→ **THE DATA**
(* Let $p(t)=a+bt+ct^2\in\mathbb C[t]$ with $a\,c\,(a+b+c)\neq 0$, let $V_{p}$ be its associated circulant matrix and $(S_{[k]})_{k\ge1}$ its sequence of column partial sums. Then [$V_{p}$ has a finite period and $(S_{[k]})_{k\geq1}$ is eventually periodic] if and only if [$b=c=-2a$, i.e. $p(t)=a(1-2t-2t^2)$, and $3a$ is a root of unity]. Moreover, in that case the period $\mu$ of $V_p$ satisfies $6\mid\mu$ and $(3a)^{\mu}=1$.
   Context: For a polynomial $p(t)=a_0+a_1t+\cdots+a_dt^d\in\mathbb C[t]$ of degree $d\ge1$ with $a_0\neq0$: the associated circulant matrix $V_p$ is the $(d+1)\times(d+1)$ matrix whose $(i,j)$ entry ($0\le i,j\le d$) is $a_{(i-j-1)\bmod (d+1)}$; thus its first row is $(a_d,a_{d-1},\dots,a_0)$ and each subsequent row is the cyclic right shift of the previous one. Let $e=(0,\dots,0,1)^T\in\mathbb C^{d+1}$. $V_p$ has a finite period if there exist integers $\mu\ge1$, $k_0\ge0$ with $V_p^{n+\mu}e=V_p^ne$ for all $n\ge k_0$; the period of $V_p$ is the smallest such $\mu$. The column partial sums are $S_{[k]}:=[t^{(k-1)(d+1)}]\dfrac{(tp(t))^k}{(1-t)(1-t^{d+1})}$ for $k\ge1$ (equivalently, the sum of the coefficients of $t^0,\dots,t^{(k-1)(d+1)}$ in the power series $(tp(t))^k/(1-t^{d+1})$). Here $d=2$. A sequence $(s_i)$ is eventually periodic if there are $N\ge1$ and $K$ with $s_{i+N}=s_i$ for all $i\ge K$. *)

(* The complex field C is modelled as R[i] = complex R for
   an arbitrary R : realType (every realType is a model of the reals). *)
From HB Require Import structures.
From mathcomp Require Import all_boot all_order all_algebra.
From mathcomp Require Export reals complex.
Set Implicit Arguments. Unset Strict Implicit. Unset Printing Implicit Defensive.
Import Order.TTheory GRing.Theory Num.Theory.
Local Open Scope ring_scope.

Section Circulant.
Variable K : comNzRingType.

Definition circulant (d : nat) (p : {poly K}) : 'M[K]_(d.+1) :=
  \matrix_(i < d.+1, j < d.+1) p`_((i + d.+1 - j - 1) %% d.+1).

Definition last_basis (d : nat) : 'cV[K]_(d.+1) :=
  \col_(i < d.+1) (i == ord_max)%:R.

Definition is_period_witness (d : nat) (V : 'M[K]_(d.+1)) (mu : nat) : Prop :=
  (0 < mu)%N /\ exists k0 : nat, forall n : nat, (k0 <= n)%N ->
    V ^+ (n + mu) *m last_basis d = V ^+ n *m last_basis d.

Definition has_finite_period (d : nat) (V : 'M[K]_(d.+1)) : Prop :=
  exists mu, is_period_witness V mu.

Definition is_period (d : nat) (V : 'M[K]_(d.+1)) (mu : nat) : Prop :=
  is_period_witness V mu /\ forall mu', is_period_witness V mu' -> (mu <= mu')%N.

(* S_[k] = sum of the coefficients of t^0..t^((k-1)(d+1)) in the power series
   (t p(t))^k / (1 - t^(d+1)); the coefficient of t^j in that series is
   sum_{l, (d+1) l <= j} [t^(j-(d+1)l)] (t p(t))^k. *)
Definition col_partial_sum (d : nat) (p : {poly K}) (k : nat) : K :=
  \sum_(j < ((k - 1) * d.+1).+1)
     \sum_(l < j.+1 | (d.+1 * l <= j)%N) (('X * p) ^+ k)`_(j - d.+1 * l).

Definition eventually_periodic (T : Type) (s : nat -> T) : Prop :=
  exists N K0 : nat, (1 <= N)%N /\ forall i, (K0 <= i)%N -> s (i + N)%N = s i.

Definition unit_root (z : K) : Prop := exists n : nat, (0 < n)%N /\ z ^+ n = 1.

End Circulant.

From HB Require Import structures.
From mathcomp Require Import all_boot all_order all_algebra.
From mathcomp Require Import reals complex.
From mathcomp Require Import ring zify.
Set Implicit Arguments.
Unset Strict Implicit.
Unset Printing Implicit Defensive.

Import Order.TTheory GRing.Theory Num.Theory.
Local Open Scope ring_scope.

(* For a cube root of unity z, the functional x |-> sum_i x_i z^i is a left
   eigenvector of V_p with eigenvalue z p(z), and the three functionals for
   z = 1, w, w^2 (w a primitive cube root of unity) separate vectors.  Hence
   V_p^n e is governed by the powers of the eigenvalues p(1), w p(w) and
   w^2 p(w^2).  The column partial sums admit the closed form
     9 S_[k] = 3k p(1)^(k-1) (2 p(1) - p'(1))
               - (3 p(1)^k + (2w^2+w) (w p(w))^k + (2w+w^2) (w^2 p(w^2))^k),
   so eventual periodicity kills the term linear in k: 2 p(1) = p'(1), i.e.
   b = -2a.  The eigenvalues are then x - 3a, x + 3a w, x + 3a w^2 with
   x = c + 2a; a finite period puts each of them on the unit circle or at 0,
   which forces x = 0, i.e. c = -2a.  The eigenvalues -3a, 3a w, 3a w^2 then
   give both the periodicity criterion and 6 | mu, (3a)^mu = 1. *)

Section DiscreteFourier.
Variables (K : comNzRingType) (d : nat).

Definition dft (z : K) (x : 'cV[K]_d.+1) : K := \sum_(i < d.+1) x i ord0 * z ^+ i.

Lemma dftB z (x y : 'cV[K]_d.+1) : dft z (x - y) = dft z x - dft z y.
Proof. by rewrite /dft -sumrB; apply: eq_bigr => i _; rewrite !mxE mulrBl. Qed.

Lemma dft_last_basis z : dft z (last_basis K d) = z ^+ d.
Proof.
rewrite /dft (bigD1 ord_max) //= big1 => [|i /negbTE ne_i].
  by rewrite mxE eqxx mul1r addr0.
by rewrite mxE ne_i mul0r.
Qed.

Lemma dft_circulant (p : {poly K}) z x :
  (size p <= d.+1)%N -> z ^+ d.+1 = 1 ->
  dft z (circulant d p *m x) = z * p.[z] * dft z x.
Proof.
move=> size_p z_root; rewrite /dft mulr_sumr.
under eq_bigr do rewrite mxE mulr_suml.
rewrite exchange_big /=; apply: eq_bigr => j _.
(* Entry (i, j) of V_p is the coefficient of index sigma i, and sigma is a
   bijection with inverse tau. *)
pose sigma (i : 'I_d.+1) : 'I_d.+1 := inord ((i + d.+1 - j - 1) %% d.+1).
pose tau (m : 'I_d.+1) : 'I_d.+1 := inord ((m + j.+1) %% d.+1).
have sigmaK : cancel sigma tau.
  move=> i; apply: val_inj; rewrite /= !inordK ?ltn_pmod //.
  have := ltn_ord j; rewrite modnDml => lt_j.
  by rewrite (_ : _ + j.+1 = i + d.+1)%N ?modnDr ?modn_small //; lia.
have exp_sigma (i : 'I_d.+1) : z ^+ i = z ^+ sigma i * z ^+ j.+1.
  by rewrite -exprD -[in LHS](sigmaK i) /= inordK ?expr_mod // ltn_pmod.
have horner_sigma : \sum_i p`_(sigma i) * z ^+ sigma i = p.[z].
  by rewrite (horner_coef_wide _ size_p) [RHS](reindex_inj (can_inj sigmaK)).
rewrite -horner_sigma mulrAC mulr_sumr; apply: eq_bigr => i _.
rewrite /circulant mxE exp_sigma /= inordK ?ltn_pmod // exprS; ring.
Qed.
Lemma v_s_max : v al (s_max al) = s_max al.
Proof.
have [t [cos_t sin_t]] := cos_sin_al_rat.
have t_pos := one_add_sqr_gt0 t.
have t_neq : (1 + t ^+ 2) ^+ 2 + (1 - t ^+ 2) ^+ 2 != 0.
  by apply: lt0r_neq0; have := exprn_gt0 2 t_pos; have := sqr_ge0 (1 - t ^+ 2); lra.
have den_eq : ecoef al - Acoef al (s_max al) + Bcoef al (s_max al) =
              4 * (3 * cos al ^+ 2 - 1) ^+ 2 / (1 + cos al ^+ 2).
  rewrite /ecoef /Acoef /Bcoef sin_s_max cos_s_max sin_2x cos_2x cos_4x cos_t sin_t.
  by field; rewrite (lt0r_neq0 t_pos) t_neq.
apply: v_eq_s_max.
  rewrite den_eq /dcoef /Acoef /Bcoef /Ccoef cos_2x sin_s_max cos_s_max sin_2x cos_t sin_t.
  by field; rewrite (lt0r_neq0 t_pos) t_neq.
rewrite den_eq; apply: lt0r_neq0; apply: divr_gt0.
  by rewrite mulr_gt0 // exprn_gt0 //; move: cos_al_sqr_gt; lra.
exact: one_add_sqr_gt0.
Qed.

Lemma theta_sin_cos_sqr :
  1 - (- 4 * u * cos al / (1 + cos al ^+ 2)) ^+ 2 =
  ((3 * cos al ^+ 2 - 1) / (1 + cos al ^+ 2)) ^+ 2.
Proof.
have c_pos := one_add_sqr_gt0 (cos al).
rewrite !expr_div_n !exprMn sin_pi4_sqr sin2cos2.
by field; exact: lt0r_neq0.
Qed.

Lemma theta_arg_range : -1 <= - 4 * u * cos al / (1 + cos al ^+ 2) <= 1.
Proof.
have := sqr_ge0 ((3 * cos al ^+ 2 - 1) / (1 + cos al ^+ 2)).
by rewrite -theta_sin_cos_sqr => ?; apply/andP; split; nra.
Qed.
Lemma prod_mcvg_to u z : (forall i, mcvg_to (d i) (fun n => u n i) (z i)) ->
  mcvg_to (prod_dist d) u z.
Proof.
move=> hcvg e e0; pose δ := e / k.+1%:R.
have δ0 : 0 < δ by rewrite divr_gt0.
have [N hN] := choice (fun i => hcvg i δ δ0).
exists (\max_i N i)%N => n Nn.
apply: le_lt_trans (sqrt_sumr_sqr_le_card (ltW δ0) _) _ => [i|].
  by rewrite ger0_norm ?dist_ge0 //; apply/ltW/hN; exact: leq_trans (leq_bigmax i) Nn.
by rewrite card_ord /δ mulrA ltr_pdivrMr // mulrC ltr_pM2l // ltr_nat.
Qed.

Lemma prod_cvg_subseq (C : forall i, set (X i)) (u : nat -> forall i, X i) :
  (forall i, mcompact (d i) (C i)) -> (forall n i, C i (u n i)) ->
  exists z, exists2 s, increasing s & mcvg_to (prod_dist d) (u \o s) z.
Proof.
move=> hC Cu.
have partial j : exists2 s, increasing s & forall i : 'I_k, (i < j)%N ->
    exists zi, mcvg_to (d i) (fun n => u (s n) i) zi.
  elim: j => [|j [s hs hsj]]; first by exists id.
  have [jk|kj] := ltnP j k; last first.
    by exists s => // i ij; apply: hsj; exact: leq_trans (ltn_ord i) kj.
  pose i0 := Ordinal jk.
  have [z [t ht hzt]] := mcompact_cvg_subseq (hd i0) (hC i0) (fun n => Cu (s n) i0).
  exists (s \o t); first by move=> m n /ht /hs.
  move=> i; rewrite ltnS leq_eqVlt => /predU1P[ij|/hsj [zi hzi]].
    have -> : i = i0 by exact: val_inj.
    by exists z.
  by exists zi; exact: (mcvg_to_subseq hzi ht).
have [s hs hsk] := partial k.
have [z hz] := choice_dep (fun i => hsk i (ltn_ord i)).
by exists z, s => //; exact: prod_mcvg_to.
Qed.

→ **EXERCISE INSTRUCTIONS**
Return, exactly as they stand, the lines from the start of the records above through the line with "Variable K : comNzRingType.", both ends included, and no other lines.

→ **RESULT FOR THIS EXERCISE**
(* Let $p(t)=a+bt+ct^2\in\mathbb C[t]$ with $a\,c\,(a+b+c)\neq 0$, let $V_{p}$ be its associated circulant matrix and $(S_{[k]})_{k\ge1}$ its sequence of column partial sums. Then [$V_{p}$ has a finite period and $(S_{[k]})_{k\geq1}$ is eventually periodic] if and only if [$b=c=-2a$, i.e. $p(t)=a(1-2t-2t^2)$, and $3a$ is a root of unity]. Moreover, in that case the period $\mu$ of $V_p$ satisfies $6\mid\mu$ and $(3a)^{\mu}=1$.
   Context: For a polynomial $p(t)=a_0+a_1t+\cdots+a_dt^d\in\mathbb C[t]$ of degree $d\ge1$ with $a_0\neq0$: the associated circulant matrix $V_p$ is the $(d+1)\times(d+1)$ matrix whose $(i,j)$ entry ($0\le i,j\le d$) is $a_{(i-j-1)\bmod (d+1)}$; thus its first row is $(a_d,a_{d-1},\dots,a_0)$ and each subsequent row is the cyclic right shift of the previous one. Let $e=(0,\dots,0,1)^T\in\mathbb C^{d+1}$. $V_p$ has a finite period if there exist integers $\mu\ge1$, $k_0\ge0$ with $V_p^{n+\mu}e=V_p^ne$ for all $n\ge k_0$; the period of $V_p$ is the smallest such $\mu$. The column partial sums are $S_{[k]}:=[t^{(k-1)(d+1)}]\dfrac{(tp(t))^k}{(1-t)(1-t^{d+1})}$ for $k\ge1$ (equivalently, the sum of the coefficients of $t^0,\dots,t^{(k-1)(d+1)}$ in the power series $(tp(t))^k/(1-t^{d+1})$). Here $d=2$. A sequence $(s_i)$ is eventually periodic if there are $N\ge1$ and $K$ with $s_{i+N}=s_i$ for all $i\ge K$. *)

(* The complex field C is modelled as R[i] = complex R for
   an arbitrary R : realType (every realType is a model of the reals). *)
From HB Require Import structures.
From mathcomp Require Import all_boot all_order all_algebra.
From mathcomp Require Export reals complex.
Set Implicit Arguments. Unset Strict Implicit. Unset Printing Implicit Defensive.
Import Order.TTheory GRing.Theory Num.Theory.
Local Open Scope ring_scope.

Section Circulant.
Variable K : comNzRingType.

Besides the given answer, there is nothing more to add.